A polyglot who uses his fluency in English, Romanian, Pidgen, Ga, Fante and Twi to communicate his message widely, the Kubolor uses all manner of devices to shock his audience and draw attention to LGBTQ rights.

By pulling us out of our comfort zone musically and conceptually, he forces us to broach issues we would probably rather leave buried.


Kubolor responds to the homophobic hysteria generated by the passage of the anti-LGBTQ+ bill by rubbing our noses in the shadowy realities of our genteel Ghanaian society, by calling out the ugly whiff of bigotry blowing from the hallowed Chamber of Parliament and by tackling head-on two blind spots in the debate, culture and religion.


In one remake of a popular Kubolor lyric, he begins with a “Give your life to Jesus” call to Christians in which he describes heaven as a place of fluffy white things and fun-filled frolicking with the angels.

His upload excited an avalanche of emotional comments on his Facebook page, ranging from “Kubolor never disappoints” to “I’m unfriending you now!”.

Through songs like “Ashawo” with Angel Maxine and “I Love, I Love You” with St Beryl, the musician explores the hypocrisy in Ghanaian society surrounding the notion of monogamous romantic love and marriage.

His latest music video cannot be aired on television and radio because the word trumu appears repeatedly.


But the Kubolor airs it on his own social media platforms and engages in a robust back and forth, generating 500 messages on a single post.

In a sense, the song is an anthem to Wanlov’s search for his own unique sound, true music, as he calls it, or tru-mu for short.

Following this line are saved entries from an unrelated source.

Lemma enorm_le n (a b : vec n) : (forall i, `|a i| <= `|b i|) -> enorm a <= enorm b.
Proof.
move=> le_ab; rewrite /enorm ler_sqrt; last by apply: sumr_ge0 => i _; exact: sqr_ge0.
apply: ler_sum => i _; rewrite -(real_normK (num_real (a i))) -(real_normK (num_real (b i))).
by apply: lerXn2r; rewrite ?nnegrE ?normr_ge0.
Qed.

Lemma enorm_le_max n (v : vec n) (I : 'I_n) :
  (forall i, 0 <= v i) -> (forall j, v j <= v I) -> enorm v <= Num.sqrt (n%:R) * v I.
Proof.
move=> v_ge0 v_max; rewrite /enorm -(ger0_norm (v_ge0 I)) -sqrtr_sqr -sqrtrM ?ler0n //.
rewrite ler_sqrt; last by rewrite mulr_ge0 ?ler0n ?sqr_ge0.
have -> : n%:R * v I ^+ 2 = \sum_(i < n) v I ^+ 2 by rewrite sumr_const card_ord mulr_natl.
by apply: ler_sum => i _; apply: lerXn2r; rewrite ?nnegrE.
Qed.

Lemma in_cube_proj n (x : vec n) : in_cube (proj x).
Proof.
move=> i; rewrite /proj; apply/andP; split; first by rewrite le_max lexx.
by rewrite ge_max ler01 ge_min lexx.
Qed.

Lemma proj_id n (y : vec n) : in_cube y -> proj y = y.
Proof.
move=> y_cube; apply: functional_extensionality_dep => i.
by case/andP: (y_cube i) => y0 y1; rewrite /proj (min_r y1) (max_r y0).
Qed.

Definition in_box n (y x v : vec n) := forall i, `|y i - x i| <= v i.

Section Lipschitz.
Variables (n : nat) (L : R) (f : vec n -> R).
Hypothesis L_gt0 : 0 < L.
Hypothesis f_lip : forall x y : vec n, in_cube x -> in_cube y ->
  `|f x - f y| <= L * enorm (fun i => x i - y i).

Lemma lipschitz_proj (x y : vec n) :
  `|f (proj x) - f (proj y)| <= L * enorm (fun i => x i - y i).
Proof.
apply: (le_trans (f_lip (in_cube_proj x) (in_cube_proj y))).
by rewrite ler_pM2l //; apply: enorm_le => i; exact: clip01_dist_le.
Qed.

Lemma lipschitz_box_lower (x v y : vec n) : in_cube y -> in_box y x v ->
  f (proj x) - L * enorm v <= f y.
Proof.
move=> y_cube y_box.
have le_xy : L * enorm (fun i => x i - y i) <= L * enorm v.
  rewrite ler_pM2l //; apply: enorm_le => i; rewrite distrC.
  exact: le_trans (y_box i) (ler_norm _).
have := le_trans (ler_norm _) (lipschitz_proj x y); rewrite (proj_id y_cube) => le_f.
lra.
Qed.

End Lipschitz.

Definition shaped n (e : nat) (v : vec n) :=
  [/\ forall i, 0 < v i, forall i j, v i <= 2 * v j & \prod_i v i * 2 ^+ e <= 1].

Lemma zvec_ge0 n (v : vec n) I i : (forall i, 0 < v i) -> 0 <= zvec v I i.
Proof. by move=> v_gt0; rewrite /zvec; case: eqP => _ //; have := v_gt0 I; lra. Qed.

Lemma zvec_le n (v : vec n) I i : (forall i, 0 < v i) -> zvec v I i <= v i.
Proof.
by move=> v_gt0; rewrite /zvec; case: eqP => [->|_]; have := v_gt0 I; have := v_gt0 i; lra.
Qed.
Lemma bilinear0r (f : U -> U -> W) w : bilinear_to f -> f w 0 = 0.
Proof. by move=> hf; exact: linear_fun0 (bilinear_linr w hf). Qed.

Lemma bilinearNl (f : U -> U -> W) u w : bilinear_to f -> f (- u) w = - f u w.
Proof. by move=> hf; exact: linear_funN u (bilinear_linl w hf). Qed.

Lemma bilinearBl (f : U -> U -> W) u v w :
  bilinear_to f -> f (u - v) w = f u w - f v w.
Proof. by move=> hf; exact: linear_funB u v (bilinear_linl w hf). Qed.

Lemma bilinearBr (f : U -> U -> W) u v w :
  bilinear_to f -> f w (u - v) = f w u - f w v.
Proof. by move=> hf; exact: linear_funB u v (bilinear_linr w hf). Qed.

End Linearity.

Section Composition.
Variables (K : fieldType) (U V W : lmodType K).

Lemma linear_compl (f : V -> V -> W) (g : U -> V) w :
  bilinear_to f -> linear g -> linear (fun u => f (g u) w).
Proof. by move=> hf hg a u v; rewrite hg; apply: (bilinear_linl w hf). Qed.

Lemma linear_compr (f : V -> V -> W) (g : U -> V) w :
  bilinear_to f -> linear g -> linear (fun u => f w (g u)).
Proof. by move=> hf hg a u v; rewrite hg; apply: (bilinear_linr w hf). Qed.

End Composition.

Lemma big_pair_eta (I J : Type) (R : nmodType) (s : seq (I * J)) (F : I * J -> R) :
  \sum_(p <- s) F (p.1, p.2) = \sum_(p <- s) F p.
Proof. by apply: eq_bigr => -[]. Qed.
Definition integ0 {R : realType} (f : R -> R) (t : R) : R :=
  Rintegral (@lebesgue_measure R) `[0, t] f.

Definition meas_locbdd {R : realType} (f : R -> R) : Prop :=
  measurable_fun (`[0%R, +oo[%classic : set R) f /\
  forall t, 0 <= t -> exists M : R, forall s, 0 <= s <= t -> `|f s| <= M.

Definition supnorm {R : realType} (nf : R -> R) (t : R) : R :=
  sup [set nf s | s in `[0, t]].

From HB Require Import structures.
From mathcomp Require Import all_boot all_order all_algebra.
From mathcomp Require Import all_classical all_reals all_analysis.
From mathcomp Require Import ring lra.
Set Implicit Arguments. Unset Strict Implicit. Unset Printing Implicit Defensive.
Import Order.TTheory GRing.Theory Num.Theory.
Local Open Scope classical_set_scope.
Local Open Scope ring_scope.

(* Write Psi = 𝔍psi.  Integrating the constraints gives sum_j Psi_ij = 𝔍x_i - 𝔍y_i
   and sum_i Psi_ij = -𝔍z_j, and x_i = w_i - sum_j mu_ij Psi_ij - theta_i 𝔍y_i.
   Call a quantity controlled if it is bounded by a constant, independent of the
   data, times N(T) = |w|*_T + |𝔍y|*_T + |𝔍z|*_T.  At a J-vertex j, Psi_ij is
   controlled as soon as every other Psi_i'j is.  At an I-vertex i, if every Psi_ij'
   with j' <> j is controlled, then X = 𝔍x_i solves x_i + mu_ij X = (controlled), and
   a maximum principle for this scalar equation bounds X by (controlled) / mu_ij;
   hence Psi_ij = X - (controlled) is controlled.  On a tree these two rules reach
   every edge (a finite acyclic graph always has a leaf), and then x_i is controlled
   by its own equation. *)

Definition acyclic (T : finType) (r : rel T) :=
  forall p : seq T, uniq p -> (3 <= size p)%N -> ~~ cycle r p.

Section AcyclicGraph.
Variables (T : finType) (r : rel T).
Hypotheses (r_sym : symmetric r) (r_irr : irreflexive r) (r_acyclic : acyclic r).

But at a daringly low level of vulgarity, trumu also means ‘anus’ in Akan and is his response to the mocking taunt of “trumu trumu” to denote ‘pro-gay’ by anti-gay politicians debating the anti LGBTQ+ bill in Parliament.

Before releasing the video in January, in December Wanlov announced the formation of a political party, TTP, with the “t” word doubled.

But even people who don’t get his tru-mu vibe are charmed by the Kubolor’s irrepressible personality and vigorous defence of his principles against people who criticise his blasphemy and assault on supposed Ghanaian values.


Versatile, unique, trenchant and prolific, he communicates his observations in a pithy and relatable way.

Always unpredictable, politicians are uncomfortable debating with him, but his fans adore him and even his detractors can’t resist visiting his pages to see what unsayable thing he might say next.

He has a niche following that could potentially develop into a cult following, such is his ability to connect with people.


At the end of the day, his message is a simple one.

With the dangerous cocktail of economic, environmental and employment problems that Ghana faces today, why will politicians devote time and scarce resources to peeping through the keyholes of consenting adults to ‘catch them in the act’?

“The fight for LGBTQ rights is saying we are all human beings, despite our sexualities and genders,” Wanlov told Your Ghana, My Ghana.

This is a fight that journalists have been warned to sit up and pay attention to as the bill also criminalises any discussion of LGBTQ+ rights in the media, promising a return to an unhealthy ‘culture of silence’ in Ghanaian politics.

Wanlov the Kubolor is a breath of fresh air for Ghana because he forces us to confront issues we’d be more comfortable looking away from and because he has a level of honesty and integrity not always seen in our economically challenging times.

He is good for Ghana because he uses his musical talent to connect to the youth on matters that will determine what kind of a Ghana our children will inherit in future.

A Ghana that silences the bold talent and rare voices of the Wanlov Kubolors among us would be a sadly intolerant and less beautiful place in which to live.